Der Superfisch Zebrabärbling

Der gestreifte Zierfisch namens Zebrabärbling gehört zu einer Gruppe der Karpfenfische und steckt voller Wunder. Das einfache Genom, die schnelle Fortpflanzung und die einfache Haltung des Fisches eignen sich perfekt zur genetischen Manipulationsstudie. Bis zu 500 Eier kann das Zebrabärbling-Weibchen in einer Woche legen. Dabei sind die Fischeier durchsichtig und ermöglichen den Forschenden, die Entwicklung der Organe in der Petrischale zu beobachten und zu beeinflussen. Auch die Zebrabärbling-Larven sind bis zur sechsten Woche durchsichtig und erlauben das Hineinblicken in die Tiere, ohne sie verletzen zu müssen.

Aus diesen und vielen weiteren Gründen wird der Zebrabärbling in der Forschung weitflächig eingesetzt und ist weltweit in mehreren tausend Forschungslaboren ein fester Bestandteil. In Karlsruhe gibt es bereits das Europäische Zebrafisch-Ressourcenzentrum (EZRC), welches den Wissenschaftler*innen den Gang zur Zoohandlung erspart.

Zebrafisch
Zebrabärblinge können ihre Flossen, Haut, Herz, Retina und Gehirn regenerieren. Bild: Pixabay


Das wohl faszinierendste an dem kleinen Fisch sind seine regenerativen Fähigkeiten. Das Abkappen der Schwanzflosse oder das Erleiden eines Herzinfarktes bedeuten im Leben eines Zebrabärlings keine Narben. Die Selbstheilungskräfte des Fisches sind erstaunlich stark und helfen den Unterwassertieren,Flossen, Herz- und Sehmuskel wieder nachwachsen zu lassen. Die medizinische Forschung ist an dieser Fähigkeit wohl am meisten interessiert und setzt sich seit Jahren mit der Regeneration auseinander. Im Zentrum für Regenerative Therapien Dresden wurde die Ursprünge der Regeneration bei Verletzungen im Gehirn der Fische untersucht.ie Forschenden konnten so den Signalweg identifizieren, welcher die Regeneration auslöst.

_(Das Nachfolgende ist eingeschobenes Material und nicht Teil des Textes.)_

(* (a) The Schubert cell $S_{w_0,s_1}$ is the disjoint union of exactly two $G$-orbits of points $(P,Pw_0,Ps_1n)$: $n=n(1,0,0)$, dimension $7$, stabilizer $\{d(a,a,1/a^2):a\in\mathbb{R}^\times\}$; and $n=n(0,0,0)$, dimension $6$, stabilizer $D$. (b) The cell $S_{w_0,s_2}$ is the disjoint union of exactly two $G$-orbits of points $(P,Pw_0,Ps_2n)$: $n=n(0,0,1)$, dimension $7$, stabilizer $\{d(1/a^2,a,a):a\in\mathbb{R}^\times\}$; and $n=n(0,0,0)$, dimension $6$, stabilizer $D$. (c) The cell $S_{w_0,1}$ is a single $G$-orbit, that of $(P,Pw_0,P)$; it has dimension $6$ and stabilizer $D$.
   Context: $G=\mathrm{SL}_3(\mathbb{R})$, $P$ the upper triangular matrices in $G$, $D$ the diagonal matrices in $G$; $G$ acts on $X=(P\backslash G)^3$ by right multiplication in each coordinate. $n(x,y,z)=\begin{pmatrix}1&x&y\\0&1&z\\0&0&1\end{pmatrix}$, $d(a,b,c)=\operatorname{diag}(a,b,c)$. $1$ is the identity matrix, $w_0=\begin{pmatrix}0&0&-1\\0&-1&0\\-1&0&0\end{pmatrix}$, $s_1=\begin{pmatrix}0&1&0\\1&0&0\\0&0&-1\end{pmatrix}$, $s_2=\begin{pmatrix}-1&0&0\\0&0&1\\0&1&0\end{pmatrix}$. $S_{v,w}=\big(\{P\}\times P\backslash PvP\times P\backslash PwP\big)\cdot G$. The stabilizer of $(P,Pv,Pwn)$ is $P\cap v^{-1}Pv\cap (wn)^{-1}P(wn)$. *)

From HB Require Import structures.
From mathcomp Require Import all_boot all_order all_algebra.
From mathcomp Require Import reals.
Set Implicit Arguments. Unset Strict Implicit. Unset Printing Implicit Defensive.
Import Order.TTheory GRing.Theory Num.Theory.
Local Open Scope ring_scope.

Ein Forschungsteam der Universität Heidleberg, des Deutschen Krebsforschungszentrum und des Max-Planck-Insititutes für Herz- und Lungenforschung studierten das Herz des Zebrafisches und forschten nach der vollständigen Heilung des Herzens nach einem Infarkt. Ein akuter Herzinfarkt beim Menschen kann nach heutigem Medizinstand gut behandelt werden, jedoch bleibt die Folge einer Herzinsuffizienz.

Das bedeutet, dass das Herz nicht mehr in der Lage ist, den Körper mit genug Sauerstoff zu versorgen. An diesem Punkt werden die Superkräfte des Zierfisches erneut relevant. Entfernt man 20 Prozent des Herzmuskels eines Zebrabärblings, regeneriert der Fisch sein Herz innerhalb von 60 Tagen vollständig. Könnte der Mensch das vernarbte Gewebe komplett durch neu gebildete Herzmuskelzellen ersetzen, wäre das ein Meilenstein in der Medizin. Zebrabärblinge leisten also einen gewichtigen Beitrag für die kardiologische Forschung.

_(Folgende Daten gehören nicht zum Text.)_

Lemma F2_ops_action : F2_lattice_isometric_action F2_ops.
Proof.
split; [case|exact: op_aK|exact: op_bK]; apply: integral_preserving_lattice_isometry;
  [exact: integral_preserving_reflection|exact: integral_preserving_reflection|
   apply: (integral_preserving_two_pieces (t0 := 4^-1))|
   apply: (integral_preserving_two_pieces (t0 := 2^-1))].
1-4, 7-10: lra.
all: apply/seteqP; split=> x; rewrite /affine /= !in_itv /= => /andP[? ?].
all: apply/andP; split; lra.
Qed.

Lemma op_b_one_neq : ~ aeq (op_b (fun _ => 1)) (op_a (op_b (fun _ => 1))).
Proof.
apply: (@not_aeq _ `[0, 2^-1[) => [|||x].
- exact: measurable_itv.
- by move=> x; rewrite /Defs.I01 /= !in_itv /= => /andP[? ?]; apply/andP; split; lra.
- by rewrite lebesgue_measure_itv /= lte_fin ifT ?sube0 ?lte_fin; lra.
- rewrite /= in_itv /= => /andP[x0 x1].
  rewrite /op_a /op_b /weighted_comp !mulr1 mul1r x1 ifF;
    last by apply/negbTE; rewrite -leNgt; lra.
  by apply/eqP; lra.
Qed.

Lemma op_b_one_midpoint :
  aeq (fun t => (op_b (fun _ => 1) t + op_a (op_b (fun _ => 1)) t) / 2) (fun _ => 1).
Proof.
apply: (aeq_except_point (c := 2^-1)) => x; rewrite neq_lt => /orP[x_lt|x_gt];
  rewrite /op_a /op_b /weighted_comp !mulr1 mul1r.
- by rewrite x_lt ifF; [lra|apply/negbTE; rewrite -leNgt; lra].
- by rewrite ifF ?ifT; [lra|lra|apply/negbTE; rewrite -leNgt; lra].
Qed.

End F2Action.

Theorem proposition5p1 (R : realType) :
  exists ops : letter -> op R,
    F2_lattice_isometric_action ops /\
    ~ (exists N : (R -> R) -> R,
         [/\ equivalent_norm N, strictly_convex N & invariant_norm ops N]).
Proof.
exists (@F2_ops R); split; first exact: F2_ops_action.
have [iso _ _] := @F2_ops_action R.
have lin l : L1_linear (@F2_ops R l) by have [] := iso l.
apply: (no_invariant_strictly_convex_norm (w1 := [:: Lb]) (w2 := [:: La; Lb])
  lin (inL1_cst 1)).
- exact: op_b_one_neq.
- exact: op_b_one_midpoint.
Qed.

Mathematische Fähigkeiten 

Mit den regenerativen Fähigkeiten war es das noch lange nicht, denn eine neue Studie, welche im März 2023 veröffentlicht wurde, zeigt nun: Zebrabärblinge haben schon im Larvenstadium mathematische Fähigkeiten. Dies bedeutet nicht direkt das Beherrschen des kleinen 1×1, jedoch die Wahrnehmung von Kardinal- und Ordinalzahlen.

Die im März 2023 veröffentlichte Studie im Fachmagazin Communications Biology, kam zu dem Ergebnis, dass Zebrafischlarven ein Gefühl für Zahlen haben und zu größeren Mengen tendieren. Das Forschungsteam untersuchte, ob die frisch geschlüpften Fische Unterschiede in der Anzahl von vertikalen schwarzen Balken an ihren Aquarienwänden erkennen konnten.

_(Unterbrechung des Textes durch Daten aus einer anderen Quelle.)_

(* Let $K\ge 1$ and $M\ge 2$ be integers, and let $p>0$, $\beta_k>0$, $\alpha>0$, $p_{ce}>0$, $\delta_k>0$, $\sigma^2>0$ be real numbers and $\zeta_k\in(0,1]$. Let $h$ be a circularly-symmetric complex Gaussian random variable, $h\sim\mathcal{CN}(0,\beta_k)$ (so $|h|^2$ is exponentially distributed with mean $\beta_k$), and define $$\phi=\mathbb{E}\left\{\frac{1}{\frac{\beta_k |h|^2 \alpha p_{ce}\delta_k}{K\sigma^2}+1}\right\},\qquad P_{Ik}=p\,\beta_k\left[\zeta_k\left(M-(M-1)\phi-1\right)+1\right].$$ Define $$\mathcal{L}_1(\alpha,p_{ce})=1-\frac{K\sigma^2}{\beta_k^2\alpha p_{ce}\delta_k}\ln\!\left(1+\frac{\beta_k^2\alpha p_{ce}\delta_k}{K\sigma^2}\right),\qquad \mathcal{L}_2(\alpha,p_{ce})=1-\frac{K\sigma^2}{2\beta_k^2\alpha p_{ce}\delta_k}\ln\!\left(1+\frac{2\beta_k^2\alpha p_{ce}\delta_k}{K\sigma^2}\right).$$ Then $$P_{Ik}^{L}:=p\beta_k\left[\zeta_k(M-1)\mathcal{L}_1(\alpha,p_{ce})+1\right] \;<\; P_{Ik} \;<\; p\beta_k\left[\zeta_k(M-1)\mathcal{L}_2(\alpha,p_{ce})+1\right]=:P_{Ik}^{U}.$$
   Context: Setting: a reader with $M$ transmit antennas powers $K$ single-antenna backscatter tags. $P_{Ik}$ is the incident signal power at tag $k$ when the reader transmits a signal of power $p$ with energy beamformer $\sum_{j}\sqrt{\zeta_j}\,\hat{\mathbf h}_{jr}^*/\|\hat{\mathbf h}_{jr}\|$ built from least-squares estimates of the backscatter channel; $\beta_k$ is the path loss to tag $k$, $\zeta_k$ the energy-allocation weight of tag $k$, $\alpha$ the channel-estimation duration (in symbol periods), $p_{ce}$ the per-antenna pilot power, $\delta_k$ the reflection coefficient of tag $k$, $\sigma^2$ the noise power, and $h$ models the unknown tag-to-reader (backward) channel coefficient. The closed form of $P_{Ik}$ displayed in the claim (expectation over the unknown backward channel) is taken as its definition. *)

From HB Require Import structures.
From mathcomp Require Import all_boot all_order all_algebra.
From mathcomp Require Import all_classical all_reals all_analysis.
From mathcomp Require Import exponential_distribution.
Set Implicit Arguments. Unset Strict Implicit. Unset Printing Implicit Defensive.
Import Order.TTheory GRing.Theory Num.Theory.
Local Open Scope classical_set_scope.
Local Open Scope ring_scope.

(* phi = E[ 1 / (beta |h|^2 alpha pce delta / (K sigma2) + 1) ], where
   X = |h|^2 ~ Exp(mean beta), i.e. rate beta^-1, density exponential_pdf. *)
Definition phi {R : realType} (K : nat) (beta alpha pce delta sigma2 : R) : R :=
  Rintegral lebesgue_measure [set: R]
    (fun x => exponential_pdf (beta^-1) x *
              (beta * x * alpha * pce * delta / (K%:R * sigma2) + 1)^-1).

Definition P_Ik {R : realType} (K M : nat) (p beta alpha pce delta sigma2 zeta : R) : R :=
  p * beta * (zeta * (M%:R - (M%:R - 1) * phi K beta alpha pce delta sigma2 - 1) + 1).

Definition L1 {R : realType} (K : nat) (beta alpha pce delta sigma2 : R) : R :=
  1 - K%:R * sigma2 / (beta ^+ 2 * alpha * pce * delta)
      * ln (1 + beta ^+ 2 * alpha * pce * delta / (K%:R * sigma2)).

Definition L2 {R : realType} (K : nat) (beta alpha pce delta sigma2 : R) : R :=
  1 - K%:R * sigma2 / (2 * beta ^+ 2 * alpha * pce * delta)
      * ln (1 + 2 * beta ^+ 2 * alpha * pce * delta / (K%:R * sigma2)).

(* Write lam = 1/beta and c = beta alpha pce delta / (K sigma2), so that phi is
   the integral of lam e^(-lam y) / (1 + c y) over [0, +oo[, and put s = c / lam;
   the claim is ln(1 + 2s) / (2s) < phi < ln(1 + s) / s.  (Probabilistically:
   the exponential law of mean 1 dominates the uniform law on [0, 1]
   stochastically and the uniform law on [0, 2] in the convex order.)
   For each bound the integral is split at b = 1/lam (resp. b = 2/lam), and on
   each piece the integrand is compared with the derivative of an explicit
   primitive: on [0, b] through e^(-t) >= 1 - t (resp. e^(-t) >= (1 - t/2)^2
   for t <= 2), on [b, +oo[ through 0 < 1/(1 + c y) <= 1.  The boundary terms
   add up to ln(1 + s) / s minus (resp. ln(1 + 2s) / (2s) plus) a positive
   multiple of e^(-lam b), which makes both inequalities strict. *)

From HB Require Import structures.
From mathcomp Require Import all_boot all_order all_algebra.
From mathcomp Require Import all_classical all_reals all_analysis.
From mathcomp Require Import exponential_distribution measurable_realfun.
From mathcomp Require Import ring lra.
Import Order.TTheory GRing.Theory Num.Theory.
Import numFieldTopology.Exports.
Local Open Scope classical_set_scope.
Local Open Scope ring_scope.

Dafür wurden 360 Larven in verschiedenen Becken aufgezogen, deren Wände mit einem Muster aus unterschiedlich dicken und unregelmäßig verteilten vertikalen Balken bedeckt waren, oder aber in weißen Becken. Nach etwas mehr als einem Tag setzte das Forschungsteam jeweils 30 Larven in die Mitte eines separaten Beckens. An den Wänden dieser Becken wurde eine unterschiedliche Anzahl von bis zu vier schwarzen Balken aufgedruckt.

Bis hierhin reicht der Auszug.